Furniture for Quantitative Scientists

A basic understanding of the distributions of study variables and the relationships among them is essential to inform statistical modeling. This understanding is achieved through the computation of summary statistics and exploratory data analysis. Unfortunately, this step tends to be under-emphasized in the research process, in part because of the often tedious nature of thorough exploratory data analysis. The table1() function in the furniture package streamlines much of the exploratory data analysis process, making the computation and communication of summary statistics simple and beautiful while offering significant time-savings to the researcher.

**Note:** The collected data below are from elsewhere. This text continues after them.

Lemma measurable_mx_set1 m n (c : 'M[R]_(m, n)) : measurable ([set c] : set (MB m n)).
Proof.
have -> : [set c] = \bigcap_(ij in [set: 'I_m * 'I_n])
    ((fun M : MB m n => M ij.1 ij.2) @^-1` [set c ij.1 ij.2]).
  apply/seteqP; split => [M -> [i j] _ //|M h].
  by apply/matrixP => i j; exact: (h (i, j)).
apply: fin_bigcap_measurable; first exact: finite_finset.
move=> [i j] _; rewrite -[X in measurable X]setTI.
exact: measurable_mx_coord.
Qed.

Lemma measurable_mulmxr m n p (W : 'M[R]_(n, p)) (B : set (MB m p)) :
  measurable B -> measurable [set M : MB m n | B (M *m W)].
Proof.
move=> mB; rewrite -[X in measurable X]setTI.
exact: (measurable_mulmx (@measurable_id _ (MB m n) setT)
  (measurable_cst (W : MB n p)) measurableT mB).
Qed.

Lemma measurable_trmx_preimage m n (B : set (MB n m)) :
  measurable B -> measurable [set M : MB m n | B M^T].
Proof.
move=> mB; rewrite -[X in measurable X]setTI.
exact: (measurable_trmx (@measurable_id _ (MB m n) setT) measurableT mB).
Qed.

End matrix_borel.

Section euclid.
Variables (R : realType) (d : nat).
Implicit Types (u v w x : 'cV[R]_d) (T : 'M[R]_d).

Definition dotv u w : R := \sum_i u i 0 * w i 0.

Lemma trmx_mulmxE u w : u^T *m w = (dotv u w)%:M.
Proof.
rewrite [LHS]mx11_scalar; congr (_%:M).
by rewrite mxE; apply: eq_bigr => i _; rewrite mxE.
Qed.

Lemma dotvC u w : dotv u w = dotv w u.
Proof. by apply: eq_bigr => i _; rewrite mulrC. Qed.

Lemma dotvBl u w x : dotv (u - w) x = dotv u x - dotv w x.
Proof. by rewrite /dotv -sumrB; apply: eq_bigr => i _; rewrite !mxE mulrBl. Qed.

Lemma dotvBr u w x : dotv x (u - w) = dotv x u - dotv x w.
Proof. by rewrite dotvC dotvBl !(dotvC x). Qed.

Lemma dotv_ge0 u : 0 <= dotv u u.
Proof. by apply: sumr_ge0 => i _; rewrite -expr2 sqr_ge0. Qed.

Lemma dotv_eq0 u : (dotv u u == 0) = (u == 0).
Proof.
apply/idP/eqP => [|->]; last by rewrite /dotv big1 // => i _; rewrite mxE mul0r.
rewrite psumr_eq0 => [/allP h|i _]; last by rewrite -expr2 sqr_ge0.
apply/matrixP => i j; rewrite (ord1 j) mxE.
by have /eqP := h i (mem_index_enum _); rewrite -expr2 => /eqP; rewrite sqrf_eq0 => /eqP.
Qed.

Lemma enormE u : enorm u = Num.sqrt (dotv u u).
Proof. by congr Num.sqrt; apply: eq_bigr => i _; rewrite expr2. Qed.

Lemma sphereE u : sphere u <-> dotv u u = 1.
Proof.
rewrite /sphere /= enormE; split => [h|->]; last exact: sqrtr1.
by rewrite -[LHS]sqr_sqrtr ?dotv_ge0 // h expr1n.
Qed.

Lemma enorm_sphereB_le u w : sphere u -> sphere w -> enorm (u - w) <= 2.
Proof.
move=> /sphereE hu /sphereE hw.
have duw : dotv (u - w) (u - w) <= 2 * dotv u u + 2 * dotv w w.
  rewrite /dotv !mulr_sumr -big_split /=; apply: ler_sum => i _.
  by rewrite !mxE; have := sqr_ge0 (u i 0 + w i 0); nra.
rewrite enormE -[2 in leRHS]ger0_norm // -sqrtr_sqr ler_sqrt ?sqr_ge0 //.
by apply: (le_trans duw); rewrite hu hw; lra.
Qed.

Lemma orthogonal_trmx T : orthogonal_mx T -> orthogonal_mx T^T.
Proof. by rewrite /orthogonal_mx trmxK => /mulmx1C. Qed.

Lemma orthogonal_dotv T u w : orthogonal_mx T -> dotv (T *m u) (T *m w) = dotv u w.
Proof.
move=> oT; have : (T *m u)^T *m (T *m w) = u^T *m w.
  by rewrite trmx_mul -mulmxA (mulmxA T^T) oT mul1mx.
by rewrite !trmx_mulmxE => /matrixP /(_ 0 0); rewrite !mxE /= !mulr1n.
Qed.

Lemma orthogonal_enorm T u : orthogonal_mx T -> enorm (T *m u) = enorm u.
Proof. by move=> oT; rewrite !enormE orthogonal_dotv. Qed.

Tyson S. Barrett (Utah State University) , Emily Brignone (VA Pittsburgh Healthcare System)
2017-07-24

1 Introduction

A major, but often overlooked, aspect of the research process is the computation of summary statistics and exploratory data analysis. Through exploratory data analysis, researchers can begin to understand patterns and relationships in their data that are relevant for more complex modeling schemes. In addition, this exploration can inform future directions in their research area and can inspire better research questions. This is a valuable benefit of assessing summary statistics and exploring the data, for, as John Tukey (1980) stated, "Finding the question is often more important than finding the answer."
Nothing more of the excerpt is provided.